Louise Portal : Journal de la quête amoureuse
canoe.ca/Benoit Aubin
Imaginez un peu: une femme belle, séduisante, gentille, comédienne et branchée sur tout le beau monde de son temps. En cette époque bénie de la révolution sexuelle, la vie amoureuse devait ressembler au paradis. C’était l’enfer, écrit Louise Portal.
«C’est la quête amoureuse d'une femme qui ne vit jamais ce grand amour auquel elle aspire, mais qui se révèle à elle-même, à travers toutes les rencontres amoureuses qu’elle va faire. Elle découvre qu’elle est une rêveuse, une romantique. »
Le journal intime de Louise Portal n’était pas du type: «Cher journal.» Rien de vraiment explicite. C’est plutôt un long monologue intensément poétique, un long cri du coeur d’une jeune femme intense, romantique, trop belle pour son bien, et qui peine à cerner sa pensée, qui la fuit sans cesse dans des métaphores étonnantes, fleuries, enivrantes, mais souvent hermétiques. «Je voudrais parler de ma vie concrètement, et j’en suis incapable», écrit-elle, avec une candeur quelque peu désolée.
Ce n’était pas les drogues pourtant. «Je ne fumais pas tellement de pot; ça se passait dans ma tête, je l’avoue, dit-elle. Ma vie intérieure est comme ça. J’ai un monde imaginaire qui est extrêmement fort. Dans ces années-là, c’était parfois difficile.»
Narcissique
On y découvre une jeune femme narcissique, qui s’écrit comme devant un miroir, seule, angoissée, éperdue d’un amour qui ne trouve pas son égal. «Je me sens minuscule devant la vie. J’ai la fragilité d’un conte de fées dans un livre de guerre.»
La révolution sexuelle n’a pas vraiment changé l'âme des filles, conclut-elle aujourd'hui. «Nous étions très libres, mais notre coeur était toujours en quête de l'amour. Faire l'amour était une chose, mais la quête amoureuse était sous d'autres cieux.» Elle écrit: «Tant de fois, je me suis laissée déshabiller sans amour…»
Louise Portal est aujourd'hui mariée, heureuse et sereine. «C’est l’écriture qui m'a permis de combler cette faille de mon âme. Écrire a été un geste thérapeutique pour moi.»
Appelez-moi Jeanne…
Si Louise Portal a plusieurs plumes à son chapeau, elle a aussi plusieurs noms pour s’y retrouver.
D’abord, son vrai nom. C’est Louise Lapointe. Portal, c’était le nom de plume de son père, Marcel Portal, un écrivain du Saguenay aujourd'hui un peu oublié (à qui sa fille vouait une grande admiration).

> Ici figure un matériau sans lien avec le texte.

(* Consider a single switching curve, either $y=x^2$ or $y=-x^2$, with the corresponding Melnikov function $M$ described in the context, and let $H(n)$ be the maximum, over all real coefficient choices (polynomials of degree at most $n$) with $M\not\equiv0$, of the number of zeros of $M$ in $(0,+\infty)$ counted with multiplicity. Then $H(1)=3$ (at most $3$ zeros for $n=1$, and $3$ zeros are attained for suitable coefficients), and for every $n\ge 2$, $H(n)\le 2n+5\left[\tfrac{n-1}{2}\right]+4$.
   Context: Fix $n\ge1$ and real polynomials $f_1,g_1,f_2,g_2$ in $(x,y)$ of degree at most $n$ with arbitrary real coefficients. For $h>0$ let $u=\sqrt{(\sqrt{1+4h}-1)/2}$ (so $u>0$, $u^4+u^2=h$), and let $\Gamma_h$ be the circle $x^2+y^2=h$, traversed clockwise (orbits of $\dot x=y,\dot y=-x$). Case $y=x^2$: the system is $\dot x=y+\varepsilon f_1$, $\dot y=-x+\varepsilon g_1$ for $y<x^2$ and $\dot x=y+\varepsilon f_2$, $\dot y=-x+\varepsilon g_2$ for $y>x^2$; with $A=(u,u^2)$, $D=(-u,u^2)$, let $\widehat{AD}$ be the clockwise arc of $\Gamma_h$ from $A$ to $D$ through $(\sqrt h,0),(0,-\sqrt h),(-\sqrt h,0)$ and $\widehat{DA}$ the clockwise arc from $D$ to $A$ through $(0,\sqrt h)$; then $M(h)=\int_{\widehat{AD}}g_1dx-f_1dy+\int_{\widehat{DA}}g_2dx-f_2dy$. Case $y=-x^2$: the system uses $(f_1,g_1)$ for $y>-x^2$ and $(f_2,g_2)$ for $y<-x^2$; with $B=(u,-u^2)$, $C=(-u,-u^2)$, let $\widehat{CB}$ be the clockwise arc from $C$ to $B$ through $(-\sqrt h,0),(0,\sqrt h),(\sqrt h,0)$ and $\widehat{BC}$ the clockwise arc from $B$ to $C$ through $(0,-\sqrt h)$; then $M(h)=\int_{\widehat{CB}}g_1dx-f_1dy+\int_{\widehat{BC}}g_2dx-f_2dy$. $[p]$ is the integer part of $p$. *)

From Stdlib Require Import Reals Lra Lia List ClassicalEpsilon.
Open Scope R_scope.

(* A real polynomial of degree at most n in (x,y), given by an arbitrary
   coefficient table a : nat -> nat -> R (only a i j with i + j <= n matter). *)
Definition poly2 (n : nat) (a : nat -> nat -> R) (x y : R) : R :=
  sum_f_R0 (fun i => sum_f_R0 (fun j => a i j * x ^ i * y ^ j) (n - i)) n.

(* Riemann integral of f on [a,b] (0 if not Riemann integrable; the integrands
   used below are continuous, hence integrable). *)
Definition Rint (f : R -> R) (a b : R) : R :=
  match excluded_middle_informative (exists _ : Riemann_integrable f a b, True) with
  | left H => RiemannInt (proj1_sig (constructive_indefinite_description _ H))
  | right _ => 0
  end.

(* Line integral of  G dx - F dy  along the circle x^2+y^2 = r^2 traversed
   clockwise (orbit of x'=y, y'=-x), parametrized by x = r sin t, y = r cos t,
   for the parameter t running from t1 to t2 (t1 <= t2). *)
Definition arc_int (F G : R -> R -> R) (r t1 t2 : R) : R :=
  Rint (fun t => G (r * sin t) (r * cos t) * (r * cos t)
               - F (r * sin t) (r * cos t) * (- (r * sin t))) t1 t2.

(* u = sqrt((sqrt(1+4h)-1)/2), so that u^4 + u^2 = h. *)
Definition u_of (h : R) : R := sqrt ((sqrt (1 + 4 * h) - 1) / 2).

(* Parameter of A = (u,u^2) on the circle of radius sqrt h:
   sin tA = u / sqrt h, cos tA = u^2 / sqrt h, tA in (0, pi/2). *)
Definition tA (h : R) : R := atan (/ u_of h).

Inductive curve : Set := ParabolaUp | ParabolaDown .

(* With t = tA h:
   - y = x^2 : A at t, D at 2pi - t; arc AD = [t, 2pi - t] (through
     (sqrt h,0),(0,-sqrt h),(-sqrt h,0)); arc DA = [2pi - t, 2pi + t] (through (0,sqrt h)).
   - y = -x^2: B at pi - t, C at pi + t; arc CB = [pi + t, 3pi - t]
     (through (-sqrt h,0),(0,sqrt h),(sqrt h,0)); arc BC = [pi - t, pi + t]. *)
Definition melnikov (c : curve) (n : nat) (f1 g1 f2 g2 : nat -> nat -> R) (h : R) : R :=
  let r := sqrt h in
  let t := tA h in
  let F1 := poly2 n f1 in let G1 := poly2 n g1 in
  let F2 := poly2 n f2 in let G2 := poly2 n g2 in
  match c with
  | ParabolaUp =>
      arc_int F1 G1 r t (2 * PI - t) + arc_int F2 G2 r (2 * PI - t) (2 * PI + t)
  | ParabolaDown =>
      arc_int F1 G1 r (PI + t) (3 * PI - t) + arc_int F2 G2 r (PI - t) (PI + t)
  end.

Inductive kth_deriv : nat -> (R -> R) -> (R -> R) -> Prop :=
  | kd0 : forall f, kth_deriv 0 f f
  | kdS : forall k f f' g, kth_deriv k f f' ->
            (forall x, 0 < x -> derivable_pt_lim f' x (g x)) ->
            kth_deriv (S k) f g.

Definition zero_mult_ge (f : R -> R) (h0 : R) (m : nat) : Prop :=
  forall k, (k < m)%nat -> exists g, kth_deriv k f g /\ g h0 = 0.

Definition zero_family (f : R -> R) (l : list (R * nat)) : Prop :=
  NoDup (map fst l) /\
  Forall (fun p => 0 < fst p /\ (1 <= snd p)%nat /\ zero_mult_ge f (fst p) (snd p)) l.

Definition zeros_at_most (f : R -> R) (N : nat) : Prop :=
  forall l, zero_family f l -> (list_sum (map snd l) <= N)%nat.

Definition zeros_at_least (f : R -> R) (N : nat) : Prop :=
  exists l, zero_family f l /\ (N <= list_sum (map snd l))%nat.

Definition not_identically_zero (f : R -> R) : Prop := exists h, 0 < h /\ f h <> 0.

From Stdlib Require Import Reals Lra Lia ClassicalEpsilon Classical.
From Coquelicot Require Import Coquelicot.
(* Imported after Coquelicot so that [Forall] denotes the list predicate. *)
From Stdlib Require Import List Sorting Permutation.
Open Scope R_scope.

(* 1. Reparametrization.  h = u^2 + u^4 is a bijection of (0,+oo) with inverse
      u_of, and zeros with their multiplicities are transported along it.  On
      the circle of radius r = sqrt h the switching points are at the angle
      tau u = atan (1/u), with r sin tau = u and r cos tau = u^2.
   2. Normal form.  Integrating r^(a+b) sin^a t cos^b t over the arcs (reduction
      formulas for the primitives, 2pi-periodicity, the symmetry t -> t + pi)
      yields  V u := M (u^2 + u^4) = u S(u^2) + h C(h) + h Q(h) tau(u)  with
      deg S <= n and deg C, deg Q < K := [(n+1)/2].
   3. Counting.  By Rolle's theorem, differentiating and then multiplying by a
      rational function without zeros on (0,+oo) loses at most one zero.
      Dividing each derivative by h'(u), K+1 such steps kill the polynomial in
      h and the tau-term of the normal form and leave an even polynomial over a
      positive denominator; its degree gives 2n + 5[(n-1)/2] + 4.  For n = 1 a
      shorter chain (divide by h, differentiate once) gives 3.
   4. Sharpness for n = 1.  Explicit linear perturbations give
      V u = alpha u + beta u^3 + gamma h tau + delta h, vanishing at u = 1,
      sqrt 3 and 1/sqrt 3. *)

Definition deriv_pos (f g : R -> R) := forall x, 0 < x -> derivable_pt_lim f x (g x).

Lemma derivable_pt_lim_ext_pos : forall f g x l, 0 < x -> (forall y, 0 < y -> f y = g y) ->
  derivable_pt_lim f x l -> derivable_pt_lim g x l.
Proof.
  unfold derivable_pt_lim; intros f g x l Hx Heq H eps Heps.
  destruct (H eps Heps) as [d Hd].
  assert (Hp : 0 < Rmin d x) by (apply Rmin_pos; [apply cond_pos | lra]).
  exists (mkposreal _ Hp). intros h hne hlt. simpl in hlt.
  assert (Hh: Rabs h < d) by (eapply Rlt_le_trans; [exact hlt| apply Rmin_l]).
  assert (Hh2: Rabs h < x) by (eapply Rlt_le_trans; [exact hlt| apply Rmin_r]).
  rewrite <- !Heq; try lra.
  - apply Hd; auto.
  - assert (-h <= Rabs h) by (rewrite <- Rabs_Ropp; apply Rle_abs). lra.
Qed.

«Portal, dit Louise, c’est mon nom public, le nom de la comédienne. Louise, c'est le nom de la petite fille que j’ai déjà été.»
Mais elle aussi a un nom de plume. Dans ses écrits, depuis Jeanne Janvier, publié en 1980, son héroïne s’appelle Jeanne, et Jeanne, c’est sa Louise secrète et intérieure.
«Je ne fais jamais de plan quand j’écris; je me laisse guider par l’inconscient», dit-elle.
Le côté narcissique qu’elle dévoile dans ses cahiers de jeune femme? «Je l’ai encore. Dans mes romans, je me mets toujours en scène sous le nom de Jeanne.»